Jonathan Givony: Definitely. It’s two things we talked about. First of all, every team has this draft rated very, very differently and if there’s a player that a team has rated as a lottery pick and he starts sliding into the late teens, I think you’re going to see a team jump up and try to get him. If DeAnte Davis, if he starts sliding into the later part of the teens — if Henry Ellenson, if Skal (Labissiere), if (Ivica) Zubac. There’s so many big guys, that’s what’s interesting about this draft. There’s so many power forward/centers that think they’re going to go in the lottery and there aren’t enough spots for them because the NBA, their just not that interested in big men anymore…

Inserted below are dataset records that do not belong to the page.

(* If $\sum_{i=1}^M b_i\ge1$, then for every $\epsilon>0$ the energy-adequate solution $\mathbf r^\star$ is feasible for Problem 1, i.e. $r^\star_l>0$ and $\sigma_l(\mathbf r^\star)\le b_l$ for all $l$.
   Context: Fix an integer $M\ge1$, weights $w_1,\dots,w_M>0$, constants $b_1,\dots,b_M>0$, and $\epsilon>0$. For $\mathbf r\in(0,\infty)^M$ write $S(\mathbf r)=\sum_{i=1}^M r_i$ and define $$\sigma_l(\mathbf r)=\frac{(1-e^{-r_l\epsilon})S(\mathbf r)+r_le^{-r_l\epsilon}}{S(\mathbf r)+1}.$$ Problem 1's constraint set is $\{\mathbf r\in(0,\infty)^M:\sigma_l(\mathbf r)\le b_l\ \forall l\}$. Energy-adequate solution (when $\sum_i b_i\ge1$): let $\beta^\star\in[0,\max_l b_l/\sqrt{w_l}]$ be the root of $\sum_{i=1}^M\min\{b_i,\beta^\star\sqrt{w_i}\}=1$, let $x^\star=-\tfrac12+\sqrt{\tfrac14+\tfrac1\epsilon}$, and set $r^\star_l=\min\{b_l,\beta^\star\sqrt{w_l}\}\,x^\star$. *)

(* real analysis (exp, sqrt). Indices l = 0..M-1. *)
From Stdlib Require Import Reals Lra.
Open Scope R_scope.

Fixpoint sumR (M : nat) (f : nat -> R) : R :=
  match M with
  | O => 0
  | S n => sumR n f + f n
  end.

Definition sigma_l (M : nat) (eps : R) (r : nat -> R) (l : nat) : R :=
  ((1 - exp (- (r l * eps))) * sumR M r + r l * exp (- (r l * eps)))
  / (sumR M r + 1).

Definition xstar (eps : R) : R := - / 2 + sqrt (/ 4 + / eps).

Definition rstar (b w : nat -> R) (beta eps : R) (l : nat) : R :=
  Rmin (b l) (beta * sqrt (w l)) * xstar eps.

(* Write m_l = min(b_l, beta sqrt w_l) and x = xstar eps.  The shares m_l are
   positive and sum to 1, and rstar = m x, so the total rate is S = x.  Since x
   is the positive root of x^2 + x = 1/eps we get x^2 eps <= 1, and together
   with 1 - exp(-t) <= t this forces sigma_l <= m_l <= b_l. *)
From Stdlib Require Import Reals Lra Lia.
Open Scope R_scope.

Lemma sumR_ge0 (M : nat) (f : nat -> R) :
  (forall i, (i < M)%nat -> 0 <= f i) -> 0 <= sumR M f.
Proof.
  induction M as [|M IH]; simpl; intros Hf; [lra|].
  assert (0 <= f M) by (apply Hf; lia).
  assert (0 <= sumR M f) by (apply IH; intros; apply Hf; lia).
  lra.
Qed.

Lemma sumR_le_term (M : nat) (f : nat -> R) (l : nat) :
  (forall i, (i < M)%nat -> 0 <= f i) -> (l < M)%nat -> f l <= sumR M f.
Proof.
  induction M as [|M IH]; simpl; intros Hf Hl; [lia|].
  assert (0 <= f M) by (apply Hf; lia).
  destruct (Nat.eq_dec l M) as [->|Hne].
  - assert (0 <= sumR M f) by (apply sumR_ge0; intros; apply Hf; lia). lra.
  - assert (f l <= sumR M f) by (apply IH; [intros; apply Hf; lia | lia]). lra.
Qed.

Lemma sumR_eq0 (M : nat) (f : nat -> R) :
  (forall i, (i < M)%nat -> f i = 0) -> sumR M f = 0.
Proof.
  induction M as [|M IH]; simpl; intros Hf; [reflexivity|].
  rewrite IH, Hf; [ring | lia | intros; apply Hf; lia].
Qed.

Lemma sumR_mulr (M : nat) (f : nat -> R) (c : R) :
  sumR M (fun i => f i * c) = sumR M f * c.
Proof. induction M as [|M IH]; simpl; [ring | rewrite IH; ring]. Qed.

Lemma xstar_pos (eps : R) : 0 < eps -> 0 < xstar eps.
Proof.
  intros He. unfold xstar.
  assert (0 < / eps) by (apply Rinv_0_lt_compat; lra).
  assert (/ 2 < sqrt (/ 4 + / eps)); [|lra].
  rewrite <- (sqrt_pow2 (/ 2)) by lra. apply sqrt_lt_1_alt. simpl; lra.
Qed.

Lemma xstar_root (eps : R) : 0 < eps -> xstar eps * xstar eps + xstar eps = / eps.
Proof.
  intros He. unfold xstar.
  assert (0 < / eps) by (apply Rinv_0_lt_compat; lra).
  assert (sqrt (/ 4 + / eps) * sqrt (/ 4 + / eps) = / 4 + / eps) by (apply sqrt_sqrt; lra).
  nra.
Qed.

Lemma xstar_sq_mul_le1 (eps : R) : 0 < eps -> xstar eps * xstar eps * eps <= 1.
Proof.
  intros He. pose proof (xstar_pos eps He) as Hx.
  assert ((xstar eps * xstar eps + xstar eps) * eps = 1)
    by (rewrite xstar_root by exact He; field; lra).
  nra.
Qed.

Lemma sigma_l_le_share (M : nat) (eps : R) (r : nat -> R) (l : nat) (m : R) :
  0 < eps -> 0 <= m <= 1 -> 0 <= sumR M r ->
  sumR M r * sumR M r * eps <= 1 ->
  r l = m * sumR M r ->
  sigma_l M eps r l <= m.
Proof.
  intros He Hm HS0 HS2 Hrl. unfold sigma_l. rewrite Hrl.
  set (S := sumR M r) in *.
  set (e := exp (- (m * S * eps))).
  assert (He1 : 1 - e <= m * S * eps)
    by (generalize (exp_ineq1_le (- (m * S * eps))); unfold e; lra).
  assert (0 < e) by apply exp_pos.
  apply (Rmult_le_reg_r (S + 1)); [lra|].
  unfold Rdiv. rewrite Rmult_assoc, Rinv_l, Rmult_1_r by lra.
  (* the claim is  S (1 - m) (1 - e) <= m *)
  assert (S * (1 - m) * (1 - e) <= S * (1 - m) * (m * S * eps))
    by (apply Rmult_le_compat_l; [apply Rmult_le_pos|]; lra).
  assert (m * (1 - m) * (S * S * eps) <= m * (1 - m)) by
    (rewrite <- (Rmult_1_r (m * (1 - m))) at 2;
     apply Rmult_le_compat_l; [apply Rmult_le_pos|]; lra).
  nra.
Qed.

Theorem lemma1 (M : nat) (w b : nat -> R) (eps beta : R) :
  (1 <= M)%nat ->
  (forall i, (i < M)%nat -> 0 < w i) ->
  (forall i, (i < M)%nat -> 0 < b i) ->
  0 < eps ->
  1 <= sumR M b ->
  (* beta is the root beta* in [0, max_l b_l / sqrt w_l] *)
  0 <= beta ->
  (exists l, (l < M)%nat /\ beta <= b l / sqrt (w l)) ->
  sumR M (fun i => Rmin (b i) (beta * sqrt (w i))) = 1 ->
  forall l, (l < M)%nat ->
    0 < rstar b w beta eps l /\
    sigma_l M eps (rstar b w beta eps) l <= b l.
Proof.
  intros _ Hw Hb He _ Hbeta _ Hsum l Hl.
  set (m := fun i => Rmin (b i) (beta * sqrt (w i))) in Hsum.
  assert (Hbeta_pos : 0 < beta).
  { destruct (Req_dec beta 0) as [Hbeta0|]; [|lra].
    rewrite sumR_eq0 in Hsum; [lra|].
    intros i Hi. unfold m. rewrite Hbeta0, Rmult_0_l.
    apply Rmin_right. left; auto. }
  assert (Hm : forall i, (i < M)%nat -> 0 < m i).
  { intros i Hi. apply Rmin_pos; auto.
    apply Rmult_lt_0_compat; auto. apply sqrt_lt_R0; auto. }
  assert (Hml1 : m l <= 1)
    by (rewrite <- Hsum; apply sumR_le_term; auto; intros; left; auto).
  assert (Htotal : sumR M (rstar b w beta eps) = xstar eps)
    by (unfold rstar; rewrite sumR_mulr; fold m; rewrite Hsum; ring).
  split.
  - exact (Rmult_lt_0_compat _ _ (Hm l Hl) (xstar_pos eps He)).
  - apply Rle_trans with (m l); [|apply Rmin_l].
    apply sigma_l_le_share; rewrite ?Htotal.
    + exact He.
    + pose proof (Hm l Hl). lra.
    + left; apply xstar_pos; exact He.
    + apply xstar_sq_mul_le1; exact He.
    + unfold rstar. reflexivity.
Qed.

I think that free agency is going to be in the back of everybody’s head, there’s so much new money coming in, everybody is going to have cap room. Like you said, they’re not looking to get kids. Kids aren’t getting you to the playoffs, kids aren’t winning you playoff games, and so they’re going to want to stay lean. That means not having three or four guys that you draft that you need to bring to training camp. So that’s where I think things are going to get real interesting and teams that are really aggressive are going to jump up and try and get some of these guys that slide down the board.
What it might take to acquire a pick in either round is anybody’s guess, but one thing you can be sure of is that a team owned by Paul Allen is going to be active on draft night — one needs to look back no further than to last year’s draft, where the Trail Blazers flipped their pick, Rondae Hollis-Jefferson, to the Nets in exchange for Mason Plumlee and Pat Connaughton for proof of that. And Trail Blazers President of Basketball Operations Neil Olshey has already vowed the team will be “aggressive” if any of the players they have on their wishlist become available, meaning that just because they enter Thursday’s draft without a pick doesn’t mean they’ll leave empty handed.